■ BRIEF
Extract each line of the records below that contains the word "Hmax".

------ INPUT RECORDS ------

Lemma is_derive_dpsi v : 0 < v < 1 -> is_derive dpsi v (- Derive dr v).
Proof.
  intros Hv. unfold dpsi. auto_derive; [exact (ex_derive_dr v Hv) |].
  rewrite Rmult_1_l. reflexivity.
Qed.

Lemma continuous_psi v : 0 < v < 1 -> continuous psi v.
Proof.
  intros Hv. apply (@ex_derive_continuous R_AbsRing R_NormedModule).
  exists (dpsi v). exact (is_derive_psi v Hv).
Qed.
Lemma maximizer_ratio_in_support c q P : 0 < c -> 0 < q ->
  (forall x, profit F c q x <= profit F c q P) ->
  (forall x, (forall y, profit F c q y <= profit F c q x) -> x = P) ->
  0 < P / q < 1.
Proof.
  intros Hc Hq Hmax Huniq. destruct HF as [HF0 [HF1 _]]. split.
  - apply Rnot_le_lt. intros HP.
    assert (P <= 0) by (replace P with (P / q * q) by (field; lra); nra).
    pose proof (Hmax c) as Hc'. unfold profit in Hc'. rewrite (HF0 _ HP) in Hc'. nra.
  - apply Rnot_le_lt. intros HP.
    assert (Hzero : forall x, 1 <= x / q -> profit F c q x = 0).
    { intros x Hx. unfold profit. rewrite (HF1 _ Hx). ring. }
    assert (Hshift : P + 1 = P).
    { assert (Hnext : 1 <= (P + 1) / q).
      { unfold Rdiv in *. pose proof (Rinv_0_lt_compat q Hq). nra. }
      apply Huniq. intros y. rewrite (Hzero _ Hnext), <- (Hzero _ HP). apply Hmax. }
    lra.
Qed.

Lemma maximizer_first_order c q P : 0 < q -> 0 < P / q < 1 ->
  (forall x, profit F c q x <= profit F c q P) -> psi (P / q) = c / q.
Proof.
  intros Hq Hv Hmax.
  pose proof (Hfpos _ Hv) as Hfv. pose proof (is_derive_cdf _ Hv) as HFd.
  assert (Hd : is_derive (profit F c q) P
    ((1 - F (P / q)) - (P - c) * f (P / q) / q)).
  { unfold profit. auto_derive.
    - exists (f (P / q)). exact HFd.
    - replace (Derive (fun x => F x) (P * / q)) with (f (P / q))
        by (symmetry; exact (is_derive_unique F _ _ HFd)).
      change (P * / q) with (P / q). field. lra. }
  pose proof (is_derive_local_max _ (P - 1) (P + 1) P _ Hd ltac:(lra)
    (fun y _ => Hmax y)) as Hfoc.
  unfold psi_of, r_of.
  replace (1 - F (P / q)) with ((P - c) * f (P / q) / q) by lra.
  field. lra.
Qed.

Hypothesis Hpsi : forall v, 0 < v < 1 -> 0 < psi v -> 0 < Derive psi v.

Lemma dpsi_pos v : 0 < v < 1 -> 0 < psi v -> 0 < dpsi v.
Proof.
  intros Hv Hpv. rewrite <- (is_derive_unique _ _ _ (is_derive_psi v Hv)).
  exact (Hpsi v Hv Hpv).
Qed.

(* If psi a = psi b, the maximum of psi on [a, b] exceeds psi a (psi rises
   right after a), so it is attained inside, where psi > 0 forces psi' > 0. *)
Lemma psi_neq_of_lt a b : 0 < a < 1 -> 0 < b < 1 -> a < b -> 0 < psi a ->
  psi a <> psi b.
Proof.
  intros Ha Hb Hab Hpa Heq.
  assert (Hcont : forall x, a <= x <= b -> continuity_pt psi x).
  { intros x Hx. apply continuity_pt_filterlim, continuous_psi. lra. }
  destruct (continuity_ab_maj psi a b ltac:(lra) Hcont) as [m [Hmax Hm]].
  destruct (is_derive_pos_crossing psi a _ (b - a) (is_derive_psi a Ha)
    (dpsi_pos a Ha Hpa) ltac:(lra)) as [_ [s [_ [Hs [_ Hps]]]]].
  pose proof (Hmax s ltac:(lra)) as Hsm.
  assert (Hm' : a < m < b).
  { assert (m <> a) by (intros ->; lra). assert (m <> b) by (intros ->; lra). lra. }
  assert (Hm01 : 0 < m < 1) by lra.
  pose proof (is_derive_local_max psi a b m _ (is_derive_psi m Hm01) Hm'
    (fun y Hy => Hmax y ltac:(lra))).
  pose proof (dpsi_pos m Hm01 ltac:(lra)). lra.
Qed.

------

■ WRITTEN ANSWER
  intros Hc Hq Hmax Huniq. destruct HF as [HF0 [HF1 _]]. split.
    pose proof (Hmax c) as Hc'. unfold profit in Hc'. rewrite (HF0 _ HP) in Hc'. nra.
      apply Huniq. intros y. rewrite (Hzero _ Hnext), <- (Hzero _ HP). apply Hmax. }
  intros Hq Hv Hmax.
    (fun y _ => Hmax y)) as Hfoc.
  destruct (continuity_ab_maj psi a b ltac:(lra) Hcont) as [m [Hmax Hm]].
  pose proof (Hmax s ltac:(lra)) as Hsm.
    (fun y Hy => Hmax y ltac:(lra))).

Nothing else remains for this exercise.